Retype exactly the lines that run from the start of the data to the line holding "q members, so", including both, and only those.
_ _ _ _ _
(* Let $s,d$ be integers with $1\le s$ and $d\ge 2s$. There is a constant $C$ depending only on $d$ such that the following holds for all $n\ge 2(d+1)$ and all real $K\ge 0$: if $\mathcal F\subseteq\binom{[n]}{d+1}$ is an $s$-witness family with $|\mathcal F|\ge\binom{n-1}{d}-Kn^{d-1}$, then there exists $x_0\in[n]$ such that the star $\mathcal F^*=\{F^*\in\binom{[n]}{d+1}: x_0\in F^*\}$ satisfies $|\mathcal F\triangle\mathcal F^*|\le C(K+1)n^{d-1}$.
   Context: $[n]=\{1,\dots,n\}$ and $\binom{[n]}{d+1}$ denotes the family of all $(d+1)$-element subsets of $[n]$; $\triangle$ denotes symmetric difference. For $n\ge d+1$ and $0\le s\le d$, a family $\mathcal F\subseteq\binom{[n]}{d+1}$ is an $s$-witness family if for every $F\in\mathcal F$ there exists $B_F\subseteq F$ with $|B_F|=s$ such that $F\cap F'\neq B_F$ for every $F'\in\mathcal F$. *)

From mathcomp Require Import all_boot all_order all_algebra.
From mathcomp Require Export reals.
Set Implicit Arguments. Unset Strict Implicit. Unset Printing Implicit Defensive.

(* A family of (d+1)-subsets of [n] is modelled as F : {set {set 'I_n}}
   together with the hypothesis that every member has cardinality d+1. *)
Definition uniform_family (n k : nat) (F : {set {set 'I_n}}) : Prop :=
  forall A, A \in F -> #|A| = k.

Definition s_witness (n s : nat) (F : {set {set 'I_n}}) : Prop :=
  forall A, A \in F -> exists B : {set 'I_n},
    [/\ B \subset A, #|B| = s & forall A', A' \in F -> A :&: A' != B].

Definition star (n k : nat) (x0 : 'I_n) : {set {set 'I_n}} :=
  [set A : {set 'I_n} | (#|A| == k) && (x0 \in A)].

Definition symdiff (T : finType) (A B : {set T}) : {set T} :=
  (A :\: B) :|: (B :\: A).

From mathcomp Require Import all_boot all_order all_algebra.
From mathcomp Require Import reals.
From mathcomp Require Import zify ring lra.
Set Implicit Arguments. Unset Strict Implicit. Unset Printing Implicit Defensive.

(* Call x a center of an s-set B if x is outside B, lies in every member of F
   whose witness set is B, and at most q = (d+1)^2 n^(d-s-1) members containing B
   avoid x.  An s-set without a center is a witness set of at most q members, so
   all but O(n^(d-1)) members A have a witness set B with a center c_B in A.  Deleting c_B maps these members to d-sets, injectively up to
   members that avoid the center of some B they contain.
   Two centered s-sets B, B' whose centers differ and lie outside B' resp. B have
   about n^(d-2s) d-sets D containing both and avoiding both centers; such a D is
   not the image of a member, or is the image of a member avoiding a center.  As
   |F| is close to the size of a star, there are O((K+1) n^(d-1)) such D, hence
   few such pairs (B, B').  If there are at least n^s/const centered s-sets, most
   of them therefore share one center x0 and few members miss x0; otherwise F
   itself has only O((K+1) n^(d-1)) members. *)

Lemma card_bigcup_le (I T : finType) (P : pred I) (S : I -> {set T}) :
  #|\bigcup_(i | P i) S i| <= \sum_(i | P i) #|S i|.
Proof.
elim/big_rec2: _ => [|i u A _ IH]; first by rewrite cards0.
by rewrite (leq_trans (leq_card_setU _ _)) // leq_add2l.
Qed.

Lemma leq_expn2r m n e : m <= n -> m ^ e <= n ^ e.
Proof. by case: e => [//|e] le_mn; rewrite leq_exp2r. Qed.

Lemma ffact_le_expn n m : n ^_ m <= n ^ m.
Proof.
elim: m n => [//|m IH] n; rewrite ffactnS expnS leq_mul2l.
by rewrite (leq_trans (IH _)) ?orbT // leq_expn2r // leq_pred.
Qed.

Lemma bin_le_expn n m : 'C(n, m) <= n ^ m.
Proof.
by rewrite (leq_trans _ (ffact_le_expn n m)) // -bin_ffact leq_pmulr ?fact_gt0.
Qed.

Lemma expn_subn_le_ffact n m : (n - m) ^ m <= n ^_ m.
Proof.
elim: m => [//|m IH]; rewrite ffactnSr expnSr leq_mul ?leq_sub2l //.
by rewrite (leq_trans _ IH) // leq_expn2r // leq_sub2l.
Qed.

Lemma expn_le_fact_bin c n N j :
  n <= c * (N - j) -> n ^ j <= j`! * c ^ j * 'C(N, j).
Proof.
move=> le_n; rewrite mulnC mulnA bin_ffact (leq_trans (leq_expn2r _ le_n)) //.
by rewrite expnMn mulnC leq_mul2r expn_subn_le_ffact orbT.
Qed.

Lemma leq_bin_addn m j a : 'C(m, j) <= 'C(m + a, j + a).
Proof.
elim: a => [|a IH]; first by rewrite !addn0.
by rewrite !addnS binS (leq_trans IH) // leq_addl.
Qed.

Lemma bin_le_predn_add n d : 0 < n -> 0 < d -> 'C(n, d) <= 'C(n.-1, d) + n ^ d.-1.
Proof.
case: n d => [|n] [|d] //= _ _.
by rewrite binS leq_add2l (leq_trans (bin_le_expn _ _)) // leq_expn2r.
Qed.

Lemma sum_nat_bool_card (T : finType) (A : {pred T}) (P : pred T) :
  \sum_(i in A) P i = #|[set i in A | P i]|.
Proof.
rewrite -sum1_card big_mkcond [RHS]big_mkcond /=.
by apply: eq_bigr => i _; rewrite inE; case: (i \in A); case: (P i).
Qed.

Lemma card_supsets_le n k (S : {set {set 'I_n}}) (P : {set 'I_n}) :
  (forall A, A \in S -> #|A| = k) ->
  #|[set A in S | P \subset A]| <= n ^ (k - #|P|).
Proof.
move=> S_unif; set X := [set A in S | P \subset A].
have inj_diff : {in X &, injective (fun A => A :\: P)}.
  move=> A1 A2; rewrite !inE => /andP[_ PA1] /andP[_ PA2] eqA.
  by rewrite -(setID A1 P) -(setID A2 P) eqA (setIidPr PA1) (setIidPr PA2).
rewrite -(card_in_imset inj_diff) (leq_trans _ (bin_le_expn n _)) //.
rewrite -[n in 'C(n, _)]card_ord -card_draws subset_leq_card //.
apply/subsetP => D /imsetP[A]; rewrite inE => /andP[AS PA] ->.
by rewrite inE cardsD (setIidPr PA) (S_unif A AS).
Qed.

Lemma bin_le_card_supsets_disjoint (T : finType) (S X : {set T}) k :
  [disjoint S & X] -> #|S| <= k ->
  'C(#|~: (S :|: X)|, k - #|S|) <=
    #|[set D : {set T} | [&& S \subset D, [disjoint D & X] & #|D| == k]]|.
Proof.
move=> dSX le_S_k; rewrite -cards_draws.
set Ys := [set Y : {set T} | Y \subset ~: (S :|: X) & #|Y| == k - #|S|].
have YsP (Y : {set T}) : Y \in Ys ->
    [/\ [disjoint Y & S], [disjoint Y & X] & #|Y| = k - #|S|].
  by rewrite inE setCU subsetI -!disjoints_subset => /andP[/andP[-> ->] /eqP].
have inj : {in Ys &, injective (fun Y => Y :|: S)}.
  move=> Y1 Y2 /YsP[dY1 _ _] /YsP[dY2 _ _] eqY.
  move/(congr1 (fun Z : {set T} => Z :\: S)): eqY.
  by rewrite !setDUl setDv !setU0 (setDidPl dY1) (setDidPl dY2).
rewrite -(card_in_imset inj); apply/subset_leq_card/subsetP => D /imsetP[Y].
move=> /YsP[dYS dYX cardY] ->; rewrite inE subsetUr disjoints_subset subUset.
rewrite -!disjoints_subset dYX dSX cardsU (disjoint_setI0 dYS) cards0 subn0.
by rewrite cardY subnK ?eqxx.
Qed.

Section Witnesses.

Variables (n d s : nat) (F : {set {set 'I_n}}).
Hypothesis F_unif : forall A, A \in F -> #|A| = d.+1.

Definition is_witness (B A : {set 'I_n}) :=
  (B \subset A) && [forall A' in F, A :&: A' != B].
Definition witnessed (B : {set 'I_n}) := [set A in F | is_witness B A].
Definition avoiding (B : {set 'I_n}) (x : 'I_n) :=
  [set A in F | (B \subset A) && (x \notin A)].
Definition q := (d.+1) ^ 2 * n ^ (d - s.+1).
Definition is_center (B : {set 'I_n}) (x : 'I_n) :=
  [&& x \notin B, [forall A in witnessed B, x \in A] & #|avoiding B x| <= q].

Lemma witness_meets (B A A' : {set 'I_n}) : is_witness B A -> A' \in F ->
  B \subset A' -> exists y, y \in (A :&: A') :\: B.
Proof.
move=> /andP[BA /forall_inP noB] A'F BA'; apply/set0Pn; rewrite setD_eq0.
apply: contraNN (noB A' A'F) => subB.
by rewrite eqEsubset subB subsetI BA BA'.
Qed.

Lemma card_supsets_avoided_le (B a : {set 'I_n}) y : #|B| = s -> a \in witnessed B ->
  y \notin a -> #|[set A in F | y |: B \subset A]| <= d.+1 * n ^ (d - s.+1).
Proof.
move=> cardB; rewrite inE => /andP[aF wit_a] ya.
have yB : y \notin B by apply: contraNN ya; apply/subsetP; case/andP: wit_a.
pose U := \bigcup_(z in a :\: B) [set A in F | z |: (y |: B) \subset A].
apply: (@leq_trans #|U|).
  apply/subset_leq_card/subsetP => A; rewrite inE => /andP[AF].
  rewrite subUset sub1set => /andP[yA BA].
  have [z] := witness_meets wit_a AF BA; rewrite !inE => /andP[zB /andP[za zA]].
  apply/bigcupP; exists z; first by rewrite inE zB.
  by rewrite inE AF !subUset !sub1set zA yA BA.
apply: (leq_trans (card_bigcup_le _ _)).
apply: (@leq_trans (\sum_(z in a :\: B) n ^ (d - s.+1))).
  apply: leq_sum => z; rewrite inE => /andP[zB za].
  have zy : z != y by apply: contraNneq ya => <-.
  have card_zyB : #|z |: (y |: B)| = s.+2.
    by rewrite !cardsU1 !inE negb_or zy zB yB cardB.
  by apply: leq_trans (card_supsets_le _ F_unif) _; rewrite card_zyB subSS.
rewrite sum_nat_const leq_mul2r -(F_unif aF) subset_leq_card ?orbT //.
exact: subsetDl.
Qed.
_ _ _ _ _
RESPONSE:
(* Let $s,d$ be integers with $1\le s$ and $d\ge 2s$. There is a constant $C$ depending only on $d$ such that the following holds for all $n\ge 2(d+1)$ and all real $K\ge 0$: if $\mathcal F\subseteq\binom{[n]}{d+1}$ is an $s$-witness family with $|\mathcal F|\ge\binom{n-1}{d}-Kn^{d-1}$, then there exists $x_0\in[n]$ such that the star $\mathcal F^*=\{F^*\in\binom{[n]}{d+1}: x_0\in F^*\}$ satisfies $|\mathcal F\triangle\mathcal F^*|\le C(K+1)n^{d-1}$.
   Context: $[n]=\{1,\dots,n\}$ and $\binom{[n]}{d+1}$ denotes the family of all $(d+1)$-element subsets of $[n]$; $\triangle$ denotes symmetric difference. For $n\ge d+1$ and $0\le s\le d$, a family $\mathcal F\subseteq\binom{[n]}{d+1}$ is an $s$-witness family if for every $F\in\mathcal F$ there exists $B_F\subseteq F$ with $|B_F|=s$ such that $F\cap F'\neq B_F$ for every $F'\in\mathcal F$. *)

From mathcomp Require Import all_boot all_order all_algebra.
From mathcomp Require Export reals.
Set Implicit Arguments. Unset Strict Implicit. Unset Printing Implicit Defensive.

(* A family of (d+1)-subsets of [n] is modelled as F : {set {set 'I_n}}
   together with the hypothesis that every member has cardinality d+1. *)
Definition uniform_family (n k : nat) (F : {set {set 'I_n}}) : Prop :=
  forall A, A \in F -> #|A| = k.

Definition s_witness (n s : nat) (F : {set {set 'I_n}}) : Prop :=
  forall A, A \in F -> exists B : {set 'I_n},
    [/\ B \subset A, #|B| = s & forall A', A' \in F -> A :&: A' != B].

Definition star (n k : nat) (x0 : 'I_n) : {set {set 'I_n}} :=
  [set A : {set 'I_n} | (#|A| == k) && (x0 \in A)].

Definition symdiff (T : finType) (A B : {set T}) : {set T} :=
  (A :\: B) :|: (B :\: A).

From mathcomp Require Import all_boot all_order all_algebra.
From mathcomp Require Import reals.
From mathcomp Require Import zify ring lra.
Set Implicit Arguments. Unset Strict Implicit. Unset Printing Implicit Defensive.

(* Call x a center of an s-set B if x is outside B, lies in every member of F
   whose witness set is B, and at most q = (d+1)^2 n^(d-s-1) members containing B
   avoid x.  An s-set without a center is a witness set of at most q members, so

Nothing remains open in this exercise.